With this in mind, survey respondents were asked, "What safeguards do you have in place to protect your customer's personal identifiable information? Some of the responses included using third-party IT solutions; contractual provisions with vendors; internal policies around data and privacy protections; employee training; PCI compliance audit; management reviews and audits; use of encrypted software; and implementation of a data-breach response plans. In the past couple of years there has been much discussion over the costs associated with migrating IT functions to the cloud and whether the technology is more or less safe than storing it in house. Answers to such questions have yet to be determined, but will likely be on a case-by-case basis. However, with 53% of respondents claiming that they have migrated IT functions to cloud services, it appears that in the hospitality industry the IT cost-savings provided by technology is proving hard to resist.

The physical safety of hotel guests is arguably the most important responsibility of a hotel. Providing a safe environment not only reduces the potential for liability, but is also important in maintaining a quality reputation. Employing security personnel at properties is one way hotels can help ensure the safety of their guests. Respondents were asked, "Do you have security personnel on duty 24/7 at all properties?" Only 27% responded yes.

Effective preparation and training significantly increases the chances of a positive outcome in an emergency situation - 87% of those canvassed claimed to have a disaster-response/business-continuity plan (BCP). Of that number, 83% said they provided training to key personnel.

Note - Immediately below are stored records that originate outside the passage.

(* Let $(K,d_K)$ be an acyclic graded-commutative dg-ring and let $(A,d_A)$ be a dg-Azumaya algebra of the second kind over $(K,d_K)$. Then $(A,d_A)$ is a dg-Azumaya algebra of the first kind, i.e. $\ker(d_A)$ is graded-Azumaya over $\ker(d_K)$; in particular $\ker(d_A)\otimes_{\ker(d_K)}\ker(d_A)^{op}\cong\mathrm{End}_{\ker(d_K),graded}(\ker(d_A))$.
   Context: Dg-algebra: $\mathbb Z$-graded algebra with degree-$1$ map $d$, $d^2=0$, $d(ab)=d(a)b+(-1)^{|a|}a\,d(b)$. Acyclic: $H(K,d_K)=0$. Graded-commutative: $xy=(-1)^{|x||y|}yx$. Graded centre $Z_{gr}(A)$: spanned by homogeneous $z$ with $za=(-1)^{|z||a|}az$. Dg-algebra over $(K,d_K)$: dg-algebra with a degree-$0$ graded ring homomorphism $K\to Z_{gr}(A)$ commuting with differentials. $A^{op}$: product $b\cdot_{op}a=(-1)^{|a||b|}ab$. For graded-commutative $R$, a graded $R$-algebra $A$ is graded-Azumaya if it is a faithfully projective graded $R$-module, $Z_{gr}(A)=R$, and $A\otimes_RA^{op}\to\mathrm{End}_{R,graded}(A)$, $a\otimes b\mapsto(x\mapsto(-1)^{|b||x|}axb)$, is an isomorphism. $(A,d_A)$ is dg-Azumaya of the second kind if $A$ is graded-Azumaya over $K$; of the first kind if $\ker(d_A)$ is graded-Azumaya over $\ker(d_K)$. *)

(* Z-graded rings are represented internally: a ring A together
   with homogeneous-component projections pi : int -> A -> A. Sub-(graded) rings
   such as ker(d) are represented by boolean predicates on the ambient ring. *)
From HB Require Import structures.
From mathcomp Require Import all_boot all_order all_algebra.
From Stdlib Require Import ClassicalEpsilon.
Set Implicit Arguments. Unset Strict Implicit. Unset Printing Implicit Defensive.
Import Order.TTheory GRing.Theory Num.Theory.
Local Open Scope ring_scope.
Lemma generated_shift_on A i j :
  #|i |: A| < n -> generated (Ygens n) (pcomp (pid_on A) (shift i j)).
Proof.
move=> small; case: (boolP (odd (i + j))) => oij; last first.
  rewrite /shift -(negbTE oij).
  by apply: generated_pcomp; [apply: generated_pid_on | apply: generated_ymap].
have [h hA hi] : exists2 h, h \notin A & h != i.
  have /card_gt0P[h] : 0 < #|~: (i |: A)| by have := cardsC (i |: A); rewrite card_ord; lia.
  by rewrite !inE negb_or => /andP[hi hA]; exists h.
case: (unliftP i h) hA hi => [k -> hA _ | ->]; last by rewrite eqxx.
(* For odd i + j the shift is not in AM_n, but its restriction to X_i minus
   the point h = lift i k is the product of two y-maps through {k, k + 1}. *)
have [b [c [bc bck ib cj]]] : exists b c : 'I_n,
    [/\ adjacent b c, minn b c = k, odd (i + b) = false & odd (c + j) = false].
  pose kl := widen_ord (leqnSn m) k; pose kr : 'I_n := lift ord0 k.
  by case: (boolP (odd (i + k))) => ik; [exists kr, kl | exists kl, kr];
    split; rewrite /adjacent /kl /kr /= /bump ?leq0n; try lia;
    by move: oij ik; rewrite !oddD /=; case: (odd i); case: (odd j); case: (odd k).
have shift_ymap (x y : 'I_n) : odd (x + y) = false -> shift x y = ymap x y by rewrite /ymap => ->.
have -> : pcomp (pid_on A) (shift i j) =
    pcomp (pid_on A) (pcomp (ymap i b) (ymap c j)).
  rewrite -shift_ymap // -shift_ymap // (pcomp_shift_adjacent _ _ bc bck) pcompA pid_on_pcomp.
  congr (pcomp (pid_on _) _); apply/esym/setIidPl/subsetP=> x xA; rewrite inE.
  by apply: contraNneq hA => /val_inj <-.
apply: generated_pcomp; first exact: generated_pid_on.
by apply: generated_pcomp; apply: generated_ymap.
Qed.


Definition realizable t D I := exists g,
  [/\ generated (Ygens n) g, monotone t g, pdom g = D & pimg g = I].

Lemma realizable_trans t1 t2 D J I :
  realizable t1 D J -> realizable t2 J I -> realizable (t1 (+) t2) D I.
Proof.
move=> [g1 [G1 t1g1 d1 i1]] [g2 [G2 t2g2 d2 i2]]; exists (pcomp g1 g2); split.
- exact: generated_pcomp.
- exact: monotone_pcomp.
- by rewrite pdom_pcomp // i1 d2.
- by rewrite pimg_pcomp // i1 d2.
Qed.

Lemma realizable_restr t g A : generated (Ygens n) (pcomp (pid_on A) g) ->
  monotone t g -> A \subset pdom g -> realizable t A (pimg (pcomp (pid_on A) g)).
Proof.
move=> gen tg Ag; exists (pcomp (pid_on A) g); split => //.
- exact: monotone_pcomp (monotone_pid_on A) tg.
- by rewrite pdom_pcomp ?pdom_pid_on ?pimg_pid_on.
Qed.

Lemma realizable_id A : realizable false A A.
Proof.
have := @realizable_restr false (pid n) A; rewrite pcomp_pidr pimg_pid_on.
apply; [exact: generated_pid_on | | by rewrite -pid_onT pdom_pid_on subsetT].
by rewrite -pid_onT; apply: monotone_pid_on.
Qed.

Lemma realizable_swap D i j : adjacent i j -> i \notin D -> j \in D ->
  #|i |: D| < n -> realizable false D (i |: D :\ j).
Proof.
move=> ij iD jD small.
have neq_i x : x \in D -> (x == i) = false by move=> xD; apply/negbTE; apply: contraNneq iD => <-.
have DX : D \subset pdom (shift i j).
  by apply/subsetP=> x xD; rewrite pdom_mono_mapX Xs_setC1 !inE neq_i.
suff <- : pimg (pcomp (pid_on D) (shift i j)) = i |: D :\ j.
  exact: realizable_restr (generated_shift_on j small) (monotone_mono_mapX i j false) DX.
apply/setP=> y; apply/pimgP/idP => [[x] | ].
  rewrite pcomp_pid_onE shift_adjacentE //; case: ifP => // xD; rewrite neq_i //.
  by case: eqVneq => [_ [<-] | xj [<-]]; rewrite !inE ?eqxx // xj xD orbT.
rewrite !inE => /orP[/eqP -> | /andP[yj yD]].
  by exists j; rewrite pcomp_pid_onE jD shift_adjacentE // neq_i // eqxx.
by exists y; rewrite pcomp_pid_onE yD shift_adjacentE // neq_i // (negbTE yj).
Qed.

Ferguson believes the stats identify some key risk concerns: "In this day and age, for a company not to have a BCP in place, or to have a BCP but not train personnel on it, significantly increases their reputational, economic and organisational risk," he says.

Based on the overall finding of this survey, hotel owners should consider ensuring all levels of management and security are knowledgeable and operating on the same page, including franchisee operations. Advancements in technology not only create more exposures but also play an increasingly important role in responding to security breaches. The development of specific programmes can only be as good as the effective implementation and training of all staff into their purpose and proper response.